## WORK INSTRUCTIONS
Look through the records and copy every line in which "size" appears.

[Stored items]
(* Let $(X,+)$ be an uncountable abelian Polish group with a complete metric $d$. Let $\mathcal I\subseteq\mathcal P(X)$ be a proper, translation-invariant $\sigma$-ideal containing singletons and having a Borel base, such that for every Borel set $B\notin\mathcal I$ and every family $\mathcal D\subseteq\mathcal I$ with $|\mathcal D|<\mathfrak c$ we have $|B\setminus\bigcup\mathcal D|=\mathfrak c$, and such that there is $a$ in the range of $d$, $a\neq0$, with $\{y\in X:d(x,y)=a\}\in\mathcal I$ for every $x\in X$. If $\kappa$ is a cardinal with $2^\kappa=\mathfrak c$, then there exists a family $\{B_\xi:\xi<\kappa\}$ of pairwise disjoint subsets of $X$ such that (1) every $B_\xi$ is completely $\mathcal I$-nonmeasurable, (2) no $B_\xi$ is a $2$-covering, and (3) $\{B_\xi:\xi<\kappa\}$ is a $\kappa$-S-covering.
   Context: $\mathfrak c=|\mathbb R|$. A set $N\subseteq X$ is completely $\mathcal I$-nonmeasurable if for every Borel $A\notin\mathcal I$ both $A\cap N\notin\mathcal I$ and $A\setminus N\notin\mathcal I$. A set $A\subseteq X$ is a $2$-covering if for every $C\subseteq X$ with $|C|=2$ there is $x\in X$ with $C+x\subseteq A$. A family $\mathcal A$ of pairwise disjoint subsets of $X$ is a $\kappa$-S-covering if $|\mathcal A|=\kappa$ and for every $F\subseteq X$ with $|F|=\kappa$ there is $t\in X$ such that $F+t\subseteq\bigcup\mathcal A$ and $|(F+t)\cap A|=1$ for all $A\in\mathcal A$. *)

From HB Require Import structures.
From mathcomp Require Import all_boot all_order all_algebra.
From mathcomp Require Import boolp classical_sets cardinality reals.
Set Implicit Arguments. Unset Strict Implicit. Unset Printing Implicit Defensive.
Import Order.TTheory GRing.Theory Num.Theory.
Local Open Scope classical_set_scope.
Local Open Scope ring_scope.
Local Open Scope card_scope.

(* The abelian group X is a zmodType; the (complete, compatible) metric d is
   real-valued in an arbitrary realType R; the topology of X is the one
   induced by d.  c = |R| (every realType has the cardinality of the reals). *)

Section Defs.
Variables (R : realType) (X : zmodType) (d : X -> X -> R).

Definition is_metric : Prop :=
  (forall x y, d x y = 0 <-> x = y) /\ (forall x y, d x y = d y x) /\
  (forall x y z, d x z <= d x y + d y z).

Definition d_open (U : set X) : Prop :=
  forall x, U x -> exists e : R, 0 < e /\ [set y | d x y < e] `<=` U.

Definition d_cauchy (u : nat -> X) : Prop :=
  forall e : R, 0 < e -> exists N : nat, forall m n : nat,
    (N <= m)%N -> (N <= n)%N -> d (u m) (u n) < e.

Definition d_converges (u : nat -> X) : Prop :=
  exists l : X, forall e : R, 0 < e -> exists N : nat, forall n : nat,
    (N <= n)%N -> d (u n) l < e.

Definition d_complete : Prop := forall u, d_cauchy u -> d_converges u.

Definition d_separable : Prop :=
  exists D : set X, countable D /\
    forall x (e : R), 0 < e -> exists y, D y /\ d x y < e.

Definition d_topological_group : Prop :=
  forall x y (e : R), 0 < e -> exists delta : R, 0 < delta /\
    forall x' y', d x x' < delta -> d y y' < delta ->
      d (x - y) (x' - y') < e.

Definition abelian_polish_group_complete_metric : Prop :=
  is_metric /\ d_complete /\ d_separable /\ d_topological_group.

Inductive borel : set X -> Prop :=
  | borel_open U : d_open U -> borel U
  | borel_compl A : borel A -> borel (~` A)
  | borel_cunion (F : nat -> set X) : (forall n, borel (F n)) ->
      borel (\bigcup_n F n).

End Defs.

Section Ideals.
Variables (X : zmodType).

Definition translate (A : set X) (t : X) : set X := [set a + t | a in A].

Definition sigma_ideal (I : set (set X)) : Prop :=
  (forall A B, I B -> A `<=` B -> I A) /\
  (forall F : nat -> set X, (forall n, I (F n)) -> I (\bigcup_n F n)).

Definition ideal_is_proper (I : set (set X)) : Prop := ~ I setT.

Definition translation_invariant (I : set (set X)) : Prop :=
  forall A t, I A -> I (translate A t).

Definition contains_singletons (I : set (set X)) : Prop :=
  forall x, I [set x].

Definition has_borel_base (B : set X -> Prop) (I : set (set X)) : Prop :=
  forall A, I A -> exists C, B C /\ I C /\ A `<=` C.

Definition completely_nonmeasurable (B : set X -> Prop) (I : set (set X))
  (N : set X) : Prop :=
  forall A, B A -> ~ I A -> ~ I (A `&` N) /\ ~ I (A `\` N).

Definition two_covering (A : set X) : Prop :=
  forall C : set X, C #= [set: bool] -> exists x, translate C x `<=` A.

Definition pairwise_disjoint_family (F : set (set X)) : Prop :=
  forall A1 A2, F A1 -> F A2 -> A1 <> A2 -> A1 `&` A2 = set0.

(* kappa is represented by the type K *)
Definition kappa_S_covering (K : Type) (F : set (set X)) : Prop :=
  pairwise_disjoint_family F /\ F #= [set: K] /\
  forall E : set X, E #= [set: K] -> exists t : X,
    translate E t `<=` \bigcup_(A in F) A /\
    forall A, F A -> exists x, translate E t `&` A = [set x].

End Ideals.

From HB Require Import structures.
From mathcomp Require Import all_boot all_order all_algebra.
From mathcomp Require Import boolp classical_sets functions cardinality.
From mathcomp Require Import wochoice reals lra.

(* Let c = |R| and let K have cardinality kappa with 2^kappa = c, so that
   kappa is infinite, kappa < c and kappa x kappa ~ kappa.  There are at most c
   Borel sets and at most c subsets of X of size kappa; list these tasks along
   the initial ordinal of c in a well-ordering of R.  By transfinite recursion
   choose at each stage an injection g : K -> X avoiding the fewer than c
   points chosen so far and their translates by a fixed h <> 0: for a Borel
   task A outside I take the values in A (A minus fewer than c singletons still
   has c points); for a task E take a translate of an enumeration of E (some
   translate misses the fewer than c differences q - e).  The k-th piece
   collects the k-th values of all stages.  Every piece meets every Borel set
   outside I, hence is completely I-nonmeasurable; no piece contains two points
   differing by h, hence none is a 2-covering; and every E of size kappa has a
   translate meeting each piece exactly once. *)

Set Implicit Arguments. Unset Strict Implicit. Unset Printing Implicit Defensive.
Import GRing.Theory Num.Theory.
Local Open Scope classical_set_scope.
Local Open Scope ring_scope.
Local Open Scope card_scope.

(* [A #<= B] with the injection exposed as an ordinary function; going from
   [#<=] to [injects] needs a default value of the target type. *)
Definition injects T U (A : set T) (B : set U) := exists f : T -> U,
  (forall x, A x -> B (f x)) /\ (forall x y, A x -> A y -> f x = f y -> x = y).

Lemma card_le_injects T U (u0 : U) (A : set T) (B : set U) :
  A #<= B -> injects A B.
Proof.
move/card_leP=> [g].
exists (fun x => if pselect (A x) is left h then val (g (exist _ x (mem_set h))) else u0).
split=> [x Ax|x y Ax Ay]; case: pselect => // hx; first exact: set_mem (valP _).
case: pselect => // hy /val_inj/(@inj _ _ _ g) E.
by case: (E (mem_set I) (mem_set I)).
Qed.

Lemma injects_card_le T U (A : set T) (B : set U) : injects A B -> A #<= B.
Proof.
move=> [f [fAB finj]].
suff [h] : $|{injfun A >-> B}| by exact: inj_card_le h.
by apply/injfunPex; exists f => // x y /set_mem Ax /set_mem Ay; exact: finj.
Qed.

## EXPECTED OUTPUT
   Borel sets and at most c subsets of X of size kappa; list these tasks along
   differing by h, hence none is a 2-covering; and every E of size kappa has a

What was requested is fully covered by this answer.